Assignment ::
Please filter the entries for the word "Lemma" and copy every line that has it.

··· Data listing ···

(* Let $P$ be a non-trivial classifier on $\mathbb{R}^n$ (i.e. its label set $L_P$ has more than one element) with infinite pointwise coverage. Then $P$ is a refined linear classifier.
   Context: A classifier is a partition $P$ of $\mathbb{R}^n$ together with a distinguished member $R \in P$, the refinement set, which may be empty and which is both meagre and Lebesgue null. The label set is $L_P = P \setminus \{R\}$ and the feature space is $\bigcup L_P$. $P$ is trivial if $L_P$ is a singleton and non-trivial otherwise. For $x \in \mathbb{R}^n$, $P(x)$ denotes the member of $P$ containing $x$. An anchor for $x$ is an open ball $A = B(c,r)$ with $x \in A \subseteq P(x)$; its coverage is $r$. The coverage of $P$ at $x$ is $C_P(x) = \sup\{ r : B(c,r) \text{ is an anchor for } x\}$ ($0$ if no anchor exists, $\infty$ if anchors of arbitrarily large radius exist). $P$ has infinite pointwise coverage if $C_P(x) = \infty$ for every $x$ in the feature space. A refined linear classifier is a classifier $P = \{M, N, R\}$ with $L_P = \{M, N\}$, where $R$ is an affine hyperplane and $M, N$ are the two open halfspaces on either side of $R$. *)

From HB Require Import structures.
From mathcomp Require Import all_boot all_order all_algebra.
From mathcomp Require Import all_classical all_reals.
From mathcomp Require Import ereal topology normedtype.
Set Implicit Arguments. Unset Strict Implicit. Unset Printing Implicit Defensive.
Import Order.TTheory GRing.Theory Num.Theory.
Import numFieldNormedType.Exports.
Local Open Scope classical_set_scope.
Local Open Scope ring_scope.

Section Defs.
Variables (R : realType) (n : nat).
Local Notation V := 'rV[R]_n.

Definition edist (x y : V) : R := Num.sqrt (\sum_(i < n) (x ord0 i - y ord0 i) ^+ 2).
Definition eball (c : V) (r : R) : set V := [set x | edist x c < r].

Definition nowhere_dense (A : set V) : Prop := interior (closure A) = set0.
Definition meagre (A : set V) : Prop :=
  exists F : nat -> set V, (forall k, nowhere_dense (F k)) /\ A `<=` \bigcup_k F k.

Definition box (lo hi : V) : set V := [set x | forall i, lo ord0 i <= x ord0 i <= hi ord0 i].
Definition box_vol (lo hi : V) : R := \prod_(i < n) Num.max 0 (hi ord0 i - lo ord0 i).
Definition lebesgue_null (A : set V) : Prop :=
  forall eps : R, 0 < eps -> exists lo hi : nat -> V,
    A `<=` \bigcup_k box (lo k) (hi k) /\
    forall N, \sum_(k < N) box_vol (lo k) (hi k) <= eps.

(* A classifier: a partition P of R^n with distinguished member Rf (the
   refinement set, possibly empty) which is meagre and Lebesgue null. *)
Definition is_classifier (P : set (set V)) (Rf : set V) : Prop :=
  [/\ P Rf,
      (forall A, P A -> A <> Rf -> A !=set0),
      (forall A B, P A -> P B -> A <> B -> A `&` B = set0),
      (forall x : V, exists A, P A /\ A x) &
      (meagre Rf /\ lebesgue_null Rf)].
(* Let $A$ be a nonempty set of positive integers and let $n$ be a positive integer. Then (a) $\displaystyle\sum_{k=1}^{n}N^p_A(k)\,\omega(n-k)=\sum_{k=1}^{n}\tau_A(k)\big(q^e_{\mathbb N\setminus A}(n-k)-q^o_{\mathbb N\setminus A}(n-k)\big)$; (b) $\displaystyle\sum_{k=1}^{n}(-1)^{n-k}N^q_A(k)\,o(n-k)=\sum_{k=1}^{n}\tau^s_A(k)\big(p^e_{\mathbb N\setminus A}(n-k)-p^o_{\mathbb N\setminus A}(n-k)\big)$.
   Context: $\mathbb N$ is the set of positive integers. For a set $B$ of positive integers: $N^p_B(n)$ (resp. $N^q_B(n)$) is the total number of parts, summed over all partitions (resp. partitions into pairwise distinct parts) of $n$ with parts in $B$; $p^e_B(m)$, $p^o_B(m)$ count partitions of $m$ with parts in $B$ having an even, resp. odd, number of parts; $q^e_B(m)$, $q^o_B(m)$ are the analogous counts for partitions into distinct parts from $B$; $p^e_B(0)=q^e_B(0)=1$, $p^o_B(0)=q^o_B(0)=0$. $\tau_A(n)=\#\{a\in A:a\mid n\}$, $\tau^s_A(n)=\sum_{a\in A,\,a\mid n}(-1)^{n/a-1}$. $\omega(m)=1$ if $m=0$, $\omega(m)=(-1)^k$ if $m=\frac{3k^2\pm k}{2}$ for an integer $k\ge1$, and $0$ otherwise. $o(m)$ is the number of partitions of $m$ into distinct odd parts, $o(0)=1$. *)

From mathcomp Require Import all_boot all_order all_algebra.
Set Implicit Arguments. Unset Strict Implicit. Unset Printing Implicit Defensive.
Import GRing.Theory Num.Theory.

(* A partition of n is encoded by its multiplicity function
   m : 'I_n -> 'I_n.+1, where m i is the multiplicity of the part i.+1
   (every part of a partition of n lies in 1..n and has multiplicity <= n). *)
Definition mults (n : nat) := {ffun 'I_n -> 'I_n.+1}.

Definition is_part (B : pred nat) (n : nat) (m : mults n) : bool :=
  ((\sum_(i < n) i.+1 * m i)%N == n) && [forall i, (0 < m i) ==> B i.+1].

Definition nparts (n : nat) (m : mults n) : nat := (\sum_(i < n) m i)%N.

Definition distinct_parts (n : nat) (m : mults n) : bool := [forall i, m i <= 1].
Variable pi : T -> R.
Hypothesis pi_stat : stationary_distribution P pi.

Lemma stationary_sum (f : T -> R) :
  \sum_w pi w * \sum_z P w z * f z = \sum_z pi z * f z.
Proof.
have [_ [_ piP]] := pi_stat.
under eq_bigr => w _ do rewrite mulr_sumr.
rewrite exchange_big /=; apply: eq_bigr => z _.
by rewrite -piP mulr_suml; apply: eq_bigr => w _; rewrite mulrA.
Qed.

Lemma Pr_hit_before_ltS_ge B N w : x \notin B ->
  \sum_z P w z * Pr_hit_before_lt B N z
  + (w == x)%:R * (1 - \sum_z P x z * Pr_hit_before_lt B N z) - (w \in B)%:R
  <= Pr_hit_before_lt B N.+1 w.
Proof.
move=> xB; rewrite Pr_hit_before_ltS.
have [wB|wB] := boolP (w \in B).
  have /negbTE -> : w != x by apply: contraNneq xB => <-.
  rewrite /= mul0r addr0 mul0r subr_le0 -(sP.2 w); apply: ler_sum => z _.
  by rewrite ler_piMr ?(sP.1, Pr_hit_before_lt_le1).
have [->|wx] := eqVneq w x; rewrite /= !mul1r ?mul0r ?subr0 ?addr0 ?add0r //.
by rewrite addrC subrK.
Qed.

Lemma escape_bound B : x \notin B ->
  pi x * (1 - \sum_z P x z * hit_prob B z) <= measure_set pi B.
Proof.
move=> xB; have [pi_ge0 [pi_sum1 _]] := pi_stat.
pose a N := Pr_hit_before_lt B N.
pose S N := \sum_w pi w * a N w.
rewrite -subr_le0; apply: (@le0_of_bounded_increments _ S _ 1).
- by rewrite /S big1 // => w _; rewrite /a Pr_hit_before_lt0 mulr0.
- move=> N; set e := 1 - \sum_z P x z * a N z.
  have le_e : pi x * (1 - \sum_z P x z * hit_prob B z) <= pi x * e.
    rewrite ler_wpM2l // lerD2l lerN2; apply: ler_sum_step => // z _.
    exact: hit_prob_ge.
  have := ler_sum (index_enum T) (fun w (_ : true) =>
    ler_wpM2l (pi_ge0 w) (Pr_hit_before_ltS_ge N w xB)).
  under eq_bigr => w _ do rewrite mulrBr mulrDr.
  rewrite sumrB big_split /= stationary_sum -/(S N) -/(S N.+1).
  have -> : \sum_w pi w * ((w == x)%:R * e) = pi x * e.
    rewrite (bigD1 x) //= eqxx mul1r big1 ?addr0 // => w /negbTE ->.
    by rewrite mul0r mulr0.
  have -> : \sum_w pi w * (w \in B)%:R = measure_set pi B.
    rewrite /measure_set [RHS]big_mkcond; apply: eq_bigr => w _.
    by case: (w \in B); rewrite ?mulr1 ?mulr0.
  by lra.
- move=> N; rewrite -pi_sum1; apply: ler_sum => w _.
  by rewrite ler_piMr ?Pr_hit_before_lt_le1.
Qed.

Lemma escape_bound_sep B C : separates P x C B ->
  pi x * (1 - \sum_z P x z * hit_prob C z) <= measure_set pi B.
Proof.
move=> sep; have [pi_ge0 _] := pi_stat.
have [xB|xB] := boolP (x \in B).
  apply: le_trans (_ : pi x <= _).
    rewrite ler_piMr // lerBlDr lerDl sumr_ge0 // => z _.
    by rewrite mulr_ge0 ?(sP.1, hit_prob_ge0).
  by rewrite /measure_set (bigD1 x) //= lerDl sumr_ge0.
apply: le_trans (escape_bound xB); rewrite ler_wpM2l // lerD2l lerN2.
apply: ler_sum_step => // z Pxz; apply: hit_prob_le_sep => //.
exact: reach_before_step (reach_before_start B) xB Pxz.
Qed.

End MarkovChain.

···

Response to the exercise ::
Lemma stationary_sum (f : T -> R) :
Lemma Pr_hit_before_ltS_ge B N w : x \notin B ->
Lemma escape_bound B : x \notin B ->
Lemma escape_bound_sep B C : separates P x C B ->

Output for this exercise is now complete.